[DATA RECORDS]
----------------

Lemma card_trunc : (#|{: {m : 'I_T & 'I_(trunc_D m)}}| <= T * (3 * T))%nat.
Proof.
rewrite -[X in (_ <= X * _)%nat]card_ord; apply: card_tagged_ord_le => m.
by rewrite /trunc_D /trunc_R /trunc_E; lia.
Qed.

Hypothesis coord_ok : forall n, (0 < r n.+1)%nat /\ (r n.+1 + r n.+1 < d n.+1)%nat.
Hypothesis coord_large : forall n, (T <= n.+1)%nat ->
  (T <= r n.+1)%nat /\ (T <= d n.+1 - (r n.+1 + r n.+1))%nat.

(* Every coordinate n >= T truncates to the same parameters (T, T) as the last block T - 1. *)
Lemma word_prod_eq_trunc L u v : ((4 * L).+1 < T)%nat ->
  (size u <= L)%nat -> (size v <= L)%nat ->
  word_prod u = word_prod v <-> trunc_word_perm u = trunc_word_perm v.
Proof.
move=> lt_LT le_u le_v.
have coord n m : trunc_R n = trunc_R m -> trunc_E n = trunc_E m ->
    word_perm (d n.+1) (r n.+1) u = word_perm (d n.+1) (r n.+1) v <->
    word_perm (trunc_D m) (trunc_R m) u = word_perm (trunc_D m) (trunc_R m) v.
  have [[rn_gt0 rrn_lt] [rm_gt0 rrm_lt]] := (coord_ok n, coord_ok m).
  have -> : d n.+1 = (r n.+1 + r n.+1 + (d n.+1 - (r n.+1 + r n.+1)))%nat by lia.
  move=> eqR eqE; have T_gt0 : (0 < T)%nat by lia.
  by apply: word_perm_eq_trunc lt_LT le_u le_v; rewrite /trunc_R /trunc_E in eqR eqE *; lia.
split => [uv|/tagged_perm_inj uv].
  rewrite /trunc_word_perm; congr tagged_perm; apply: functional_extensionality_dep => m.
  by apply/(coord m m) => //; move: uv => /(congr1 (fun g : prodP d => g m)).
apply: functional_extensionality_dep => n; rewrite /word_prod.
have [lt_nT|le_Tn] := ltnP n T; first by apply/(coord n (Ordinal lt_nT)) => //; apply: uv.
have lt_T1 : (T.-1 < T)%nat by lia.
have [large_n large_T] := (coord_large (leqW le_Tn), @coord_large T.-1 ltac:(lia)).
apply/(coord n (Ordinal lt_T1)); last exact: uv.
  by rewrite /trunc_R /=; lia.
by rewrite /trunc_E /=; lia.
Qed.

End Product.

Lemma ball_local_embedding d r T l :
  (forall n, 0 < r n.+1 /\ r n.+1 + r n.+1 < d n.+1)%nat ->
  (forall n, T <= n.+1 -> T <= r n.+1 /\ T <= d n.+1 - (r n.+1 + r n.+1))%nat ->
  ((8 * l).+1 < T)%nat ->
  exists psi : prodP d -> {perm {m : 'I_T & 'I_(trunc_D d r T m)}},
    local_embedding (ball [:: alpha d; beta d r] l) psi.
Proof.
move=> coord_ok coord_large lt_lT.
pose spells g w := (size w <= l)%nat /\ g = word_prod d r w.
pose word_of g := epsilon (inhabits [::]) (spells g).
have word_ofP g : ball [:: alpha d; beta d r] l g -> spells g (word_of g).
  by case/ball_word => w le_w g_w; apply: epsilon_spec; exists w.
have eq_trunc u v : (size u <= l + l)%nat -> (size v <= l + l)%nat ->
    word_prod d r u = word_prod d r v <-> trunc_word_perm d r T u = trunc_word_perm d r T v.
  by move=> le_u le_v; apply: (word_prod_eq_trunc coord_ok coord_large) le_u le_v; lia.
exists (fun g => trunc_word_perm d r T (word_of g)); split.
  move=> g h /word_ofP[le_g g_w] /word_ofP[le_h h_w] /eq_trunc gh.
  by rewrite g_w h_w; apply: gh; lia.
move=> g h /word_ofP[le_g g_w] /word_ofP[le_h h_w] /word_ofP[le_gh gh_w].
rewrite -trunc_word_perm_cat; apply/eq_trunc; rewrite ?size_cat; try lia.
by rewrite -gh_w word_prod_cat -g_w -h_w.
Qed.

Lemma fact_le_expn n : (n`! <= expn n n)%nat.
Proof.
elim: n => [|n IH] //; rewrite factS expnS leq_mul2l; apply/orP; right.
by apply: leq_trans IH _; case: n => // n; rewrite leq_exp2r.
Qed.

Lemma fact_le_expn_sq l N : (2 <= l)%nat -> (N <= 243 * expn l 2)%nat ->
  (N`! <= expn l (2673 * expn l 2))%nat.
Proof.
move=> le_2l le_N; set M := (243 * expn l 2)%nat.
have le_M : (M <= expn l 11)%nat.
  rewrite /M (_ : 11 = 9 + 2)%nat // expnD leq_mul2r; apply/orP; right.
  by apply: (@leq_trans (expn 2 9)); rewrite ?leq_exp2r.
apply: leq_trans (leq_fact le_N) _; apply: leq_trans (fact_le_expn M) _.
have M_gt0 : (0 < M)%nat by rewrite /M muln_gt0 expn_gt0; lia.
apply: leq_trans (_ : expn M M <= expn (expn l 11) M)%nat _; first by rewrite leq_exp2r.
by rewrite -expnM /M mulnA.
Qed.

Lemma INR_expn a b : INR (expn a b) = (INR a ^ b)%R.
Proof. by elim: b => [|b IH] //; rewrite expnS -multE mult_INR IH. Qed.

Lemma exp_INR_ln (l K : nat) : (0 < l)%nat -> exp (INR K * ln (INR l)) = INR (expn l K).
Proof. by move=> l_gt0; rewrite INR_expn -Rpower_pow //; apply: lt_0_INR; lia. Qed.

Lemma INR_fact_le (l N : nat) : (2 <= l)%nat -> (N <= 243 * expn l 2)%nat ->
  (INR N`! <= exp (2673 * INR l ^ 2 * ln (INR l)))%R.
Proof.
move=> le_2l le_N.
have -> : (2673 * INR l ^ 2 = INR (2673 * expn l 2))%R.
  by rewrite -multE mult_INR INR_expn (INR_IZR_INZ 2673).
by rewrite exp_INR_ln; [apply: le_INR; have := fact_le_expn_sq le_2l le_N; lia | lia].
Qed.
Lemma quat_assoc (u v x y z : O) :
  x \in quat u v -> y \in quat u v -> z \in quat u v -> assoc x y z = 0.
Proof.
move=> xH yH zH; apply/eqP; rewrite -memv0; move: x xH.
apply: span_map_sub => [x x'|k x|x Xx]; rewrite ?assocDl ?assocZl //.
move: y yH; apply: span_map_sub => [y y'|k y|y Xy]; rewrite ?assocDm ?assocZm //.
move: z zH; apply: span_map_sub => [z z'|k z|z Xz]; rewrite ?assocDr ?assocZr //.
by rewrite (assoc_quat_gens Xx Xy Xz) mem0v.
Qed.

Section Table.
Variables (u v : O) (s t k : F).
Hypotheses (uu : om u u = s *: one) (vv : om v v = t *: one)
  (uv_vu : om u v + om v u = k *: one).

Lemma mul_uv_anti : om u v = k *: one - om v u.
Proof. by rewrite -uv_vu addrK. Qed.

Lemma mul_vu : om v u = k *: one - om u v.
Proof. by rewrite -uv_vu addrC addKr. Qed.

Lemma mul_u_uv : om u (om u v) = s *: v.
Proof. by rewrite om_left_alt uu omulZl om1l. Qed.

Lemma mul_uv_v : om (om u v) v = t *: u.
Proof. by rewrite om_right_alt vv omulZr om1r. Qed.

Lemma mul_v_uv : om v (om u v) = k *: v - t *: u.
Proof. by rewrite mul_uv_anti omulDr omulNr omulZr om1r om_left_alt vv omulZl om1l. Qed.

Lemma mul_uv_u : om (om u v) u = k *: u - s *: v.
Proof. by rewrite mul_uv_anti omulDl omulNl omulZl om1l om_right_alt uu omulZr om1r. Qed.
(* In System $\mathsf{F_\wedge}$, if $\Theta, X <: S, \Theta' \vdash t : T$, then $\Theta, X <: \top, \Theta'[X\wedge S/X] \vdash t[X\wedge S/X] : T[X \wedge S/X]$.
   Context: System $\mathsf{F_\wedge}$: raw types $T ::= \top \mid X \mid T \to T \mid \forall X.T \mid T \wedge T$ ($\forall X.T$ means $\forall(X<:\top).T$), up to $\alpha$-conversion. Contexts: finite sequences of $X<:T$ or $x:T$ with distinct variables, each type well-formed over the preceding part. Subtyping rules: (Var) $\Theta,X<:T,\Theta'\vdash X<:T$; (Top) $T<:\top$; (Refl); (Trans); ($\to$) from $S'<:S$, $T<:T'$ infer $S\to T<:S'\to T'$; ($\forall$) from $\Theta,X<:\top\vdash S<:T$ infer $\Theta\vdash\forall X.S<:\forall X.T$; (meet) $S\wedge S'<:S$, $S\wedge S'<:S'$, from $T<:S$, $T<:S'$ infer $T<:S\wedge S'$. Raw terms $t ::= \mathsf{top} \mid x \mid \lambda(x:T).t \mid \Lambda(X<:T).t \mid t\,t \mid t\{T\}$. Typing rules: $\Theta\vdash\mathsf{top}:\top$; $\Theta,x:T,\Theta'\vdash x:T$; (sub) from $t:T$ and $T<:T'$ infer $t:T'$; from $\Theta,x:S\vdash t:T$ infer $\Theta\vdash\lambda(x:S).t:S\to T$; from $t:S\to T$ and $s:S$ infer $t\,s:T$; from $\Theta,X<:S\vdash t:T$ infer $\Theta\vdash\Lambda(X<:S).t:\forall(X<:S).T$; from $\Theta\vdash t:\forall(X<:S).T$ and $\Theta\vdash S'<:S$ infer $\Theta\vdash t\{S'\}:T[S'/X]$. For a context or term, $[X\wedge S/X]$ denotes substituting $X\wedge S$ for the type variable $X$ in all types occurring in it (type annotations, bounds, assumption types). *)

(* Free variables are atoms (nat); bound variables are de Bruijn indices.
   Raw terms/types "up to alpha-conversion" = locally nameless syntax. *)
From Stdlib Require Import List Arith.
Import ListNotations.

----------------

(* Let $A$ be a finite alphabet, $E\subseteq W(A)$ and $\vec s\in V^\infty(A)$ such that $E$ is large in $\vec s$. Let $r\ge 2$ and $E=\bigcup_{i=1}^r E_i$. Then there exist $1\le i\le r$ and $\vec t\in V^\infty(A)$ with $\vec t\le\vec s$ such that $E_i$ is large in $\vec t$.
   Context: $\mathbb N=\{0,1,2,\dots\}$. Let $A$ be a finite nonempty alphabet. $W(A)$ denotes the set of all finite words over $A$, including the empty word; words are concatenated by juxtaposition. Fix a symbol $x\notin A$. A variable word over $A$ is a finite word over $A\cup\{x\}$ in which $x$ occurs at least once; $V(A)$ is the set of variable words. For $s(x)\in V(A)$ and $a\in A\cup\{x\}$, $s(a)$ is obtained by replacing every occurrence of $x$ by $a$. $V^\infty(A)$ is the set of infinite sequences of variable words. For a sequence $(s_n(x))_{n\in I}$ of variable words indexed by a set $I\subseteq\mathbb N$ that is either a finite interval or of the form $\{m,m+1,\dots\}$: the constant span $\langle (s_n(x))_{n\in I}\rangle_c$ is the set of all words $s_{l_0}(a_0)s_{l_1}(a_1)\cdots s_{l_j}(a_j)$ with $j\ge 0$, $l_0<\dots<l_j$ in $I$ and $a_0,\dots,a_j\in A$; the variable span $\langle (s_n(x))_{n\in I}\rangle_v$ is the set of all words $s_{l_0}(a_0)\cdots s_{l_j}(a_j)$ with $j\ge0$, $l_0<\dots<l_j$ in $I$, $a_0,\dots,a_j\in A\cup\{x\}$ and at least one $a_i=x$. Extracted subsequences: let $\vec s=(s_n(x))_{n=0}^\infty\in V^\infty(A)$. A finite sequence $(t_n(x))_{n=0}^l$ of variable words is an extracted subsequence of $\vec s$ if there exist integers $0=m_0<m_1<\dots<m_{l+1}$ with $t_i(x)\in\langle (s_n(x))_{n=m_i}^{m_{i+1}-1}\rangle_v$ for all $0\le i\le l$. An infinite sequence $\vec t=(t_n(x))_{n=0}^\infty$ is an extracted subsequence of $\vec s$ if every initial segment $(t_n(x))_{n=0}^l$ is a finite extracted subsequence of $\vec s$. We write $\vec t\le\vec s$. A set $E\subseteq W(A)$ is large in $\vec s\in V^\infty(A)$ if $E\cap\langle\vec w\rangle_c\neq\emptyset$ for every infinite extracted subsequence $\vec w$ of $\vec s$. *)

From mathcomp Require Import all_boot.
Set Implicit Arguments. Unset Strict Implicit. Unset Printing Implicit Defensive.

----------------

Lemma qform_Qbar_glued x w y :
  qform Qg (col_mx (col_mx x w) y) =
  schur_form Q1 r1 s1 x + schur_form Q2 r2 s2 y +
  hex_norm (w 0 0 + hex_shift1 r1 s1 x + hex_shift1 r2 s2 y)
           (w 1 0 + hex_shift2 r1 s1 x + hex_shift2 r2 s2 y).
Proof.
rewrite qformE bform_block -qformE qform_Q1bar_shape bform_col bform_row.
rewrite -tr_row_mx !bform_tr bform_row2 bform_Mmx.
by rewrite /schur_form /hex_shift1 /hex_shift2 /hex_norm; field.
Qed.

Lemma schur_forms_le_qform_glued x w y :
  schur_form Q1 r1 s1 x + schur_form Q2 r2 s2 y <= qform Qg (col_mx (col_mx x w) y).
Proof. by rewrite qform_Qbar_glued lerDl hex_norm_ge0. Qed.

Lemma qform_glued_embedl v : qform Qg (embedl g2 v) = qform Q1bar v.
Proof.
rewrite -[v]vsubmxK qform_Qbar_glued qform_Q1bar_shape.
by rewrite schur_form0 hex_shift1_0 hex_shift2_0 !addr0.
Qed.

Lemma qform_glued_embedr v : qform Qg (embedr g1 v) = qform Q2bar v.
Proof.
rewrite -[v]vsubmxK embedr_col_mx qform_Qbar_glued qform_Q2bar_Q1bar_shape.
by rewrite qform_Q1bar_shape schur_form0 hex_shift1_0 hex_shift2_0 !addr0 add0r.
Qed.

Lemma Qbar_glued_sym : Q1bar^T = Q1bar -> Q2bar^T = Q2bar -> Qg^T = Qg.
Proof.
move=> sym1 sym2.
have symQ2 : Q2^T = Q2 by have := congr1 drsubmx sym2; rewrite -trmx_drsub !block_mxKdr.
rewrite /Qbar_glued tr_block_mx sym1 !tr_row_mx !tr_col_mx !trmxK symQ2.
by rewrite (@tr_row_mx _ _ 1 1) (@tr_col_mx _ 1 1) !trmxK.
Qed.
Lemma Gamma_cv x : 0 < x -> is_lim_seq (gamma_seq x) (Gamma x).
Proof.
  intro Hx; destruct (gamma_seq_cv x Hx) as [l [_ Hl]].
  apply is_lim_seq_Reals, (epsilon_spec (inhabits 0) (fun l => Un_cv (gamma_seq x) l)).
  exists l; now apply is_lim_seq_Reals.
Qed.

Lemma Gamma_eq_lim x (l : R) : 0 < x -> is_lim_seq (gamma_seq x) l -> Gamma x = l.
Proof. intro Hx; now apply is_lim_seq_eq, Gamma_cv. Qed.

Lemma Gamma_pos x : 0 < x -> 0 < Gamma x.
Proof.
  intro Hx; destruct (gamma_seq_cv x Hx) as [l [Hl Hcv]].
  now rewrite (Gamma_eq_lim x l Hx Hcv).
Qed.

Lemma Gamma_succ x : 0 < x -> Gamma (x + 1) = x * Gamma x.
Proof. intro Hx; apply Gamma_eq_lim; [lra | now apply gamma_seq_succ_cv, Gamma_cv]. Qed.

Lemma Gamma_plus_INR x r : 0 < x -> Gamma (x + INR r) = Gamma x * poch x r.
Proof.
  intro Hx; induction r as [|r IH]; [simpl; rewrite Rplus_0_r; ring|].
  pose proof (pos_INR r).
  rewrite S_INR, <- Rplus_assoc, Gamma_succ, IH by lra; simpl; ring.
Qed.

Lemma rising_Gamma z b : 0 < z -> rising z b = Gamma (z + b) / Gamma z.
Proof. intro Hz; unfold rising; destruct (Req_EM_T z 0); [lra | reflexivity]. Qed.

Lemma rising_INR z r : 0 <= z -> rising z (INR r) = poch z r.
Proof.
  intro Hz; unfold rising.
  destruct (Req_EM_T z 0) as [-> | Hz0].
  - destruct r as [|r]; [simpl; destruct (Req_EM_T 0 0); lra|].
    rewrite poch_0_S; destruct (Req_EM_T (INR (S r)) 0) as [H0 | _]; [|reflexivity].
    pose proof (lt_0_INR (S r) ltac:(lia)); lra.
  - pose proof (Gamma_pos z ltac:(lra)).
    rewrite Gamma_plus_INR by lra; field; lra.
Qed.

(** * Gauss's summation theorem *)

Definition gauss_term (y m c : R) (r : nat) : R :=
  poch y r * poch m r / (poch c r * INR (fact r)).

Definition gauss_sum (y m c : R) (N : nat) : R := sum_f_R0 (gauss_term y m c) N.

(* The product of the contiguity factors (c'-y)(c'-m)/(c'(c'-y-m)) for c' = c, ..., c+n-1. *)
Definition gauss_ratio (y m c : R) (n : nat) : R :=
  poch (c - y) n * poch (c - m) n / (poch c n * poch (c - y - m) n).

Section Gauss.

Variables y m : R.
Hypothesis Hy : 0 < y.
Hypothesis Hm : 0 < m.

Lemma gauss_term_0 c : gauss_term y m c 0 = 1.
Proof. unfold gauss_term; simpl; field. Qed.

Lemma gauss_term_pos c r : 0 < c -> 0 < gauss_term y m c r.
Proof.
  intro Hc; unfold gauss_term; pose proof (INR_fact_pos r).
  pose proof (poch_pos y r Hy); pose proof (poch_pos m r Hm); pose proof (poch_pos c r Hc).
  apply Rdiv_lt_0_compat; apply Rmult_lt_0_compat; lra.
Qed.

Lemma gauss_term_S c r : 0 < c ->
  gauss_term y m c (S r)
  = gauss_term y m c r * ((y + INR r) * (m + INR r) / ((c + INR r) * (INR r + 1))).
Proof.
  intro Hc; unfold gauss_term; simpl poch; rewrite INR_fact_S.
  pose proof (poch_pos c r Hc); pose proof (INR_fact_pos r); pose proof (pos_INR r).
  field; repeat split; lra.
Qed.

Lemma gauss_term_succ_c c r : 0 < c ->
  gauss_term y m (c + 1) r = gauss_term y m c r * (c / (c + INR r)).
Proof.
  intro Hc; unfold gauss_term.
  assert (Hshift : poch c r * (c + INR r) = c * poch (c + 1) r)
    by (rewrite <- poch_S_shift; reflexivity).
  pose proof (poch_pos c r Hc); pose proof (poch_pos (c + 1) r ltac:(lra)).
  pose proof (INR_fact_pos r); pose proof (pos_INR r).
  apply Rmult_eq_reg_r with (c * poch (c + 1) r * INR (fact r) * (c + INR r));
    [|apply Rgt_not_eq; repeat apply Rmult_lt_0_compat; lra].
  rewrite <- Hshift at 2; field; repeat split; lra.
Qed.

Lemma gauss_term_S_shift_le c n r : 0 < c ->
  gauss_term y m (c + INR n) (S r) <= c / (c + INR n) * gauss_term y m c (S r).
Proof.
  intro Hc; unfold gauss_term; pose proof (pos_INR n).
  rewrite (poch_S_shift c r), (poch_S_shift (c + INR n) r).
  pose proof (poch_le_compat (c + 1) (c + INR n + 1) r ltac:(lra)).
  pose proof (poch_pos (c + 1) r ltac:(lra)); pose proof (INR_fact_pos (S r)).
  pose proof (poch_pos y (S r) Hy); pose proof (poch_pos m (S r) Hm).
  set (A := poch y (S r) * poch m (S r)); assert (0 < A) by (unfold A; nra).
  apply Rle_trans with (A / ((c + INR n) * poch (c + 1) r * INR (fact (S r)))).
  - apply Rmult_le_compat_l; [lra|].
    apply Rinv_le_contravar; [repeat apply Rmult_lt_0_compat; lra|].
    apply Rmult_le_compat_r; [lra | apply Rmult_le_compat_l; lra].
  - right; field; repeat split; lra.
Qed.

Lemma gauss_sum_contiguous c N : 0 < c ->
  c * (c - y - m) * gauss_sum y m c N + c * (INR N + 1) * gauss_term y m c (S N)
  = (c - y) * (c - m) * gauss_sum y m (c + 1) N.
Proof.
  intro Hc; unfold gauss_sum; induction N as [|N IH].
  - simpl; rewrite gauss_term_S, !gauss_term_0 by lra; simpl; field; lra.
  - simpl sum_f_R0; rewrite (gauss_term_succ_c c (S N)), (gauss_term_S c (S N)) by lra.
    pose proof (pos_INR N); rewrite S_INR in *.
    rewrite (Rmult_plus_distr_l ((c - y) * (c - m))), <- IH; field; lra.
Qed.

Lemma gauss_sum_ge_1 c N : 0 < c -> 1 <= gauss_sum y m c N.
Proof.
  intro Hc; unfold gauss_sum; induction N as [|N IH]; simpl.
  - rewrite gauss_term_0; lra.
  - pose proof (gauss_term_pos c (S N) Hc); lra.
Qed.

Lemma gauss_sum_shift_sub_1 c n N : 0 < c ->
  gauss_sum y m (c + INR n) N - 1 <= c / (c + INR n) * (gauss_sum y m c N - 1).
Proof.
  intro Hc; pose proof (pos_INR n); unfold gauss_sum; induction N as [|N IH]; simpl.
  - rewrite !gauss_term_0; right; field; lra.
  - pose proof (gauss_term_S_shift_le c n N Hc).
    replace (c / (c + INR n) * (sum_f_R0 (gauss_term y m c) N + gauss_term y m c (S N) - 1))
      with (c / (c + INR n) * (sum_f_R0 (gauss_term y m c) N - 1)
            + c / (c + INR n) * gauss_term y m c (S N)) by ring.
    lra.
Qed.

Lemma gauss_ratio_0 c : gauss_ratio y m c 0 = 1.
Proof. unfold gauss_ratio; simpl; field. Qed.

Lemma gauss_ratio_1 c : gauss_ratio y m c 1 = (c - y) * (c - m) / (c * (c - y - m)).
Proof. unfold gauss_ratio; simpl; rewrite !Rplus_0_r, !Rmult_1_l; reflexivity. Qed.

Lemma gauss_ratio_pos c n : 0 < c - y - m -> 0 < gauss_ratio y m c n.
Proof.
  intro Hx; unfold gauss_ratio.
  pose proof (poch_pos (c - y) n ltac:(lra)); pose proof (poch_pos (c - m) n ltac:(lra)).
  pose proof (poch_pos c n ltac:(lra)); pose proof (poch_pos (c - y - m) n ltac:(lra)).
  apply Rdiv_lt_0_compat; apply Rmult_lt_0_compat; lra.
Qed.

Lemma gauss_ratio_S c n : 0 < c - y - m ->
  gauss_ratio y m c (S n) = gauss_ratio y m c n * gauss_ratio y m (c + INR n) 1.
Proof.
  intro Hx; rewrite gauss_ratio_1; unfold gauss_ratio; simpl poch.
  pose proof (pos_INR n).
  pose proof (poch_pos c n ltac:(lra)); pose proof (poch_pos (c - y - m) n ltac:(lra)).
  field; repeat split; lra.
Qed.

----------------

[EXERCISE] In the records above, find each line with the word "repeat" and copy it.

[SOLUTION BELOW]
  field; repeat split; lra.
    [|apply Rgt_not_eq; repeat apply Rmult_lt_0_compat; lra].
  rewrite <- Hshift at 2; field; repeat split; lra.
    apply Rinv_le_contravar; [repeat apply Rmult_lt_0_compat; lra|].
  - right; field; repeat split; lra.
  field; repeat split; lra.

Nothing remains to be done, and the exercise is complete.